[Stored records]
>>>>

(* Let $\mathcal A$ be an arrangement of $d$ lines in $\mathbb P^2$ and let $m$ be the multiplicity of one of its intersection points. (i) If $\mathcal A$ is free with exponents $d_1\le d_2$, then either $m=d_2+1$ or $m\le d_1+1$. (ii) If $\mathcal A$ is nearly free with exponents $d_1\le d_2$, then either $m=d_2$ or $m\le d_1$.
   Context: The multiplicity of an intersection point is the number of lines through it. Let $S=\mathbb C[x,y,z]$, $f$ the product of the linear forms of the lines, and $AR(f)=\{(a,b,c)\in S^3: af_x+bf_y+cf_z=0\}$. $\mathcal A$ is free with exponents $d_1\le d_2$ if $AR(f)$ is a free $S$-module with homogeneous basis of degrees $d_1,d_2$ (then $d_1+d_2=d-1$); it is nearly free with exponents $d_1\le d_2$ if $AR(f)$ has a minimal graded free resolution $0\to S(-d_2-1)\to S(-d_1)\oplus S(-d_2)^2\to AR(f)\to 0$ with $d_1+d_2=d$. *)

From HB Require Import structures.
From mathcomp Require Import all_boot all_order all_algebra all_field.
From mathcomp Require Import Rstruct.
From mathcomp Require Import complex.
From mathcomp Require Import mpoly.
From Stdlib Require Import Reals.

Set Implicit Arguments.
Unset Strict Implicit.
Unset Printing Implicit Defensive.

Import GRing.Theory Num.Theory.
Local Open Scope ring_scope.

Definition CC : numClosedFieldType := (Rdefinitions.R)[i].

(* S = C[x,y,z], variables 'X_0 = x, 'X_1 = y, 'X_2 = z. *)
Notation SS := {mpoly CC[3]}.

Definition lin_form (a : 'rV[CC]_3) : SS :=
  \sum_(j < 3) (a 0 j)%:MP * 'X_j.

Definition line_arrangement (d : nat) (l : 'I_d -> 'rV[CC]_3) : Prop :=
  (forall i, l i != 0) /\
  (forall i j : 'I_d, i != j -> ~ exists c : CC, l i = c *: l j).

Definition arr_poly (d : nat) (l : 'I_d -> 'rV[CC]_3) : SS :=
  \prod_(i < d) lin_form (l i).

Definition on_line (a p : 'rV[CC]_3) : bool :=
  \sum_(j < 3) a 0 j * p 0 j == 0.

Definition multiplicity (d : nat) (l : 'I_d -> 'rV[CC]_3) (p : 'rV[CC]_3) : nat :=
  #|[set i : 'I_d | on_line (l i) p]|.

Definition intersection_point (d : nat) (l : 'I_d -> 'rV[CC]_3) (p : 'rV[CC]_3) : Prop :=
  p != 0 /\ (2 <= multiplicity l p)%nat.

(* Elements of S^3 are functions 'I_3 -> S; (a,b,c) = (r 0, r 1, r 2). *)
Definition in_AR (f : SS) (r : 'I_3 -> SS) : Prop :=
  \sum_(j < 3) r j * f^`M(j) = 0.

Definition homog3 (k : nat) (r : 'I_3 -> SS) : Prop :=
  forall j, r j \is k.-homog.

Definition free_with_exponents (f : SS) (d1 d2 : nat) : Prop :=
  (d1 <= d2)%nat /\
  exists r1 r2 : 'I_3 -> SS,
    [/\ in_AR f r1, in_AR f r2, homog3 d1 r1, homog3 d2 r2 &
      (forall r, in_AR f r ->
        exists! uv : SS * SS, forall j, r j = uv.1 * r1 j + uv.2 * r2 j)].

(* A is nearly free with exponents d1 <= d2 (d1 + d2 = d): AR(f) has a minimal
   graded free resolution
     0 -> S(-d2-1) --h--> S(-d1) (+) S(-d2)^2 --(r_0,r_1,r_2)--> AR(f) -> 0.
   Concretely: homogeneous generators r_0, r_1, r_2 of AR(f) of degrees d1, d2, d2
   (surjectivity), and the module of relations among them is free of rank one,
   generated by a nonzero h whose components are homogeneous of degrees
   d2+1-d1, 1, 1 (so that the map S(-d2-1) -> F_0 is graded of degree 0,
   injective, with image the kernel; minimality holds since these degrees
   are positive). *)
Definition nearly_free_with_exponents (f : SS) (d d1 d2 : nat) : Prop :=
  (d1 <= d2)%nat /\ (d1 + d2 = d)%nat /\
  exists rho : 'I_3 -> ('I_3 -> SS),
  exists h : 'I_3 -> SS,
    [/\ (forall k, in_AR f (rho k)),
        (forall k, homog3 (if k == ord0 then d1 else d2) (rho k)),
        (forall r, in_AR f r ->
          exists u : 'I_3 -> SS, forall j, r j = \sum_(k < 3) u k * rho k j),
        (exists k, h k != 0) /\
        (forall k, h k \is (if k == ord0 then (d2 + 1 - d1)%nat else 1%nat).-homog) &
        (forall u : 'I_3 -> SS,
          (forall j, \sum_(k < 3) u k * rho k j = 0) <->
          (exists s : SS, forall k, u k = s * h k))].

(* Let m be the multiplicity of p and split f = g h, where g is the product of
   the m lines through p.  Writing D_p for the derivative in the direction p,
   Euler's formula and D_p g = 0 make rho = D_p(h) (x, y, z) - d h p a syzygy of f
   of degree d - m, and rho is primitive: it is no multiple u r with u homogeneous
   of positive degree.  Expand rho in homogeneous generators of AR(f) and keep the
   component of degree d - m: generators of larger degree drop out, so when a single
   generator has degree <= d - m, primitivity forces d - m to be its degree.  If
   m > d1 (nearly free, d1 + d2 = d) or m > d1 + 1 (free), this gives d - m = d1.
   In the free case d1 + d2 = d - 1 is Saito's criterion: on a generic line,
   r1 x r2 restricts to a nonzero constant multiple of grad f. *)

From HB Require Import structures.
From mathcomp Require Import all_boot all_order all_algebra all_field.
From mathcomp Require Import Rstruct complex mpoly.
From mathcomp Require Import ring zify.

<<<<
>>>>

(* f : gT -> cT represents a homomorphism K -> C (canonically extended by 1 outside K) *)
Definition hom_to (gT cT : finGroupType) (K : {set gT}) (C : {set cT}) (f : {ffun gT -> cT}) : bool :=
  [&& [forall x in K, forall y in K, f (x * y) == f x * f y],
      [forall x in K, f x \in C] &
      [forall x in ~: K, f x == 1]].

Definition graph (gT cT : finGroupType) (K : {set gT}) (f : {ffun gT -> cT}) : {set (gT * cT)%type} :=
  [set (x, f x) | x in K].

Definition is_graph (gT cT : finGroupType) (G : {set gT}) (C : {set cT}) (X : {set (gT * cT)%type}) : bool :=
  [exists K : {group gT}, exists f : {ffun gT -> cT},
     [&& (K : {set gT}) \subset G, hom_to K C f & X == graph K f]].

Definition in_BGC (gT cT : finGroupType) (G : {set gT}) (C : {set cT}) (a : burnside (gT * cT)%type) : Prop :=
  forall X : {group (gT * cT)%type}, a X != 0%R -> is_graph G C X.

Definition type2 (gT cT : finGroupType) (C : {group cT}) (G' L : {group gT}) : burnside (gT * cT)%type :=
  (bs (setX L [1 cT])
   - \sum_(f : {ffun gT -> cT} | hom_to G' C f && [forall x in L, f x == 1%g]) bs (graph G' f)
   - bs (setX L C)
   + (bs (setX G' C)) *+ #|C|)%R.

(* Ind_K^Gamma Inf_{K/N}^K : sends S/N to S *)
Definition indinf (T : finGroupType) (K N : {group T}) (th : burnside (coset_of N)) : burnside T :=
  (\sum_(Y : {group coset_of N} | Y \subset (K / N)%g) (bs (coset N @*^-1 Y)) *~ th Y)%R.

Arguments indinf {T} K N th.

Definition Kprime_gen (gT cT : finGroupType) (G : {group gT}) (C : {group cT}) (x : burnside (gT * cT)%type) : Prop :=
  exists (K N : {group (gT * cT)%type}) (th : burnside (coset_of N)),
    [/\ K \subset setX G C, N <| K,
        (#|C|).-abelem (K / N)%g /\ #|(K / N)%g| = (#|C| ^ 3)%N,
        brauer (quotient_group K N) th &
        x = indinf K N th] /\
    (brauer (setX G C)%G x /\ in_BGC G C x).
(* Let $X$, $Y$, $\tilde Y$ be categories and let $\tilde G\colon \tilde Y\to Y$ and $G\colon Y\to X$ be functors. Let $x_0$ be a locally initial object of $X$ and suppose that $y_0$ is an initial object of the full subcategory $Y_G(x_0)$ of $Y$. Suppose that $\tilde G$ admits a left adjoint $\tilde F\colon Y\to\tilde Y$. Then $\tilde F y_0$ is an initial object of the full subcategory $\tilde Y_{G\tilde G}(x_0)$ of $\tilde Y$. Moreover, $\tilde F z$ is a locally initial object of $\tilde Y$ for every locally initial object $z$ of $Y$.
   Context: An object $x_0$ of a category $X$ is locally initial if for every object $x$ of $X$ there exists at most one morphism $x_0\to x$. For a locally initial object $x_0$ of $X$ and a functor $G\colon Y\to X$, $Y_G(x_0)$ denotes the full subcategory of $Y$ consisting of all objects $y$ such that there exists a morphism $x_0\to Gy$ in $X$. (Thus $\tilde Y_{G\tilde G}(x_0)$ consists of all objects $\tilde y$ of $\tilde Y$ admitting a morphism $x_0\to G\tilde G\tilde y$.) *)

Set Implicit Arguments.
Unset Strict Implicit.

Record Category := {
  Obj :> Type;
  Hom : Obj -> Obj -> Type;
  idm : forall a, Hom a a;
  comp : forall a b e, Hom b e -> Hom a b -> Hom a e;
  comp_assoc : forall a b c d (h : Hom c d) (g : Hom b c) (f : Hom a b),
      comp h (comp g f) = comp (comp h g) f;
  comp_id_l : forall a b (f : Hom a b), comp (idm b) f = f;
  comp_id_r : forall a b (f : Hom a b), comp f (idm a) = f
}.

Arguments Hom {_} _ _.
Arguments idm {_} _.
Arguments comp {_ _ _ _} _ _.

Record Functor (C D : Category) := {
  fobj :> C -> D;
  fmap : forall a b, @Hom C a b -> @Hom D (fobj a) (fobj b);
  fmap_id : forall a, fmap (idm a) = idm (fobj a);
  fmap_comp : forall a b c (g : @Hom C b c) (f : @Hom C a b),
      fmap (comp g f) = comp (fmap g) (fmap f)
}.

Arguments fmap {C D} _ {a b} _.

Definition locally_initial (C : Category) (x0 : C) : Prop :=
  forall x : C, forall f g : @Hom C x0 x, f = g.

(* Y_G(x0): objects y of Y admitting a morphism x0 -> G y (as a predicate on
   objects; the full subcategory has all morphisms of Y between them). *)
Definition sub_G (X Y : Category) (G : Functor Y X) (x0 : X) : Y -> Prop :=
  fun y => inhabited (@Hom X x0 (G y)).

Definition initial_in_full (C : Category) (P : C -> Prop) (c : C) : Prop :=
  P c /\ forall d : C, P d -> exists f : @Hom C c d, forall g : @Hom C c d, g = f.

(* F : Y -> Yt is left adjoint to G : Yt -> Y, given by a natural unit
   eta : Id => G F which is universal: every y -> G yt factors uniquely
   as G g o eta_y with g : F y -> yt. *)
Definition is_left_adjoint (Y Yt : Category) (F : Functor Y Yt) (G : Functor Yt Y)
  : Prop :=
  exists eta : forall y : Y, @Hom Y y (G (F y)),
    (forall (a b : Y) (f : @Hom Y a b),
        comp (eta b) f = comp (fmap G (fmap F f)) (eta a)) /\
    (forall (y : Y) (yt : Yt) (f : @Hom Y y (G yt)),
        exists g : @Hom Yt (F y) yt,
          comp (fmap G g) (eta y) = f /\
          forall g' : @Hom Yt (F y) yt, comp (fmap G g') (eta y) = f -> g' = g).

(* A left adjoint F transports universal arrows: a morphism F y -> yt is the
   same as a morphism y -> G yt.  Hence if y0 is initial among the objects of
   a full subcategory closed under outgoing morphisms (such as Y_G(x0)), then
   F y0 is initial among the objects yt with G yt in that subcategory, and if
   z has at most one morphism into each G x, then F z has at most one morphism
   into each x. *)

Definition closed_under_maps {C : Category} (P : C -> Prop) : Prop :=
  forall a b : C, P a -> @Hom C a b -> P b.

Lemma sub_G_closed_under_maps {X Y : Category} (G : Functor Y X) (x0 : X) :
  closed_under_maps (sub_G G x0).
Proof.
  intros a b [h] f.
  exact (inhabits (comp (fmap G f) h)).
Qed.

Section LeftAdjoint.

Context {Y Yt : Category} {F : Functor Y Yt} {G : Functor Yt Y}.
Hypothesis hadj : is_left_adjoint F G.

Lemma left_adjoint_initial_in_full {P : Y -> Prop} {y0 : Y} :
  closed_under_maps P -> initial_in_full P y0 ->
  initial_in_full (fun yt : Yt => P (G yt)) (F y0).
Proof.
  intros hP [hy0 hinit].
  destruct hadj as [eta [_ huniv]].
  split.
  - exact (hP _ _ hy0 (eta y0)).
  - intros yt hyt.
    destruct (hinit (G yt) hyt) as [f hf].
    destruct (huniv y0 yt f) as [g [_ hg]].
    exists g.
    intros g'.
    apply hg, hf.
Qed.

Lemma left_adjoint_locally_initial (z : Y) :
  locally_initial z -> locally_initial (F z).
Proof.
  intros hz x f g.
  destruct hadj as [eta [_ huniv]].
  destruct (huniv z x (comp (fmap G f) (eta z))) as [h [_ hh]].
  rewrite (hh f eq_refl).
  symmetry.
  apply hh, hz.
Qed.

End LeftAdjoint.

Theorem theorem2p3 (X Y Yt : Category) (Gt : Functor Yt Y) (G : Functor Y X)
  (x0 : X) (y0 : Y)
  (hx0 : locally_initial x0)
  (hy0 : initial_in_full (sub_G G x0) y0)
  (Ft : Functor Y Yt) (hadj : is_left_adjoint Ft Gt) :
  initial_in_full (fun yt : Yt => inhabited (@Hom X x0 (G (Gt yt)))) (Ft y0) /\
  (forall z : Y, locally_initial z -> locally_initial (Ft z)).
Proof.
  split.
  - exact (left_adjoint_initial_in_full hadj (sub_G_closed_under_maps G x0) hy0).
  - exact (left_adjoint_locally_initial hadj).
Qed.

<<<<

### WHAT THE TASK ASKS:
From the line that has "component of degree" through the line that has "In the free", copy every line exactly as it appears above, and leave out all others.

### FINISHED EXERCISE:
   component of degree d - m: generators of larger degree drop out, so when a single
   generator has degree <= d - m, primitivity forces d - m to be its degree.  If
   m > d1 (nearly free, d1 + d2 = d) or m > d1 + 1 (free), this gives d - m = d1.
   In the free case d1 + d2 = d - 1 is Saito's criterion: on a generic line,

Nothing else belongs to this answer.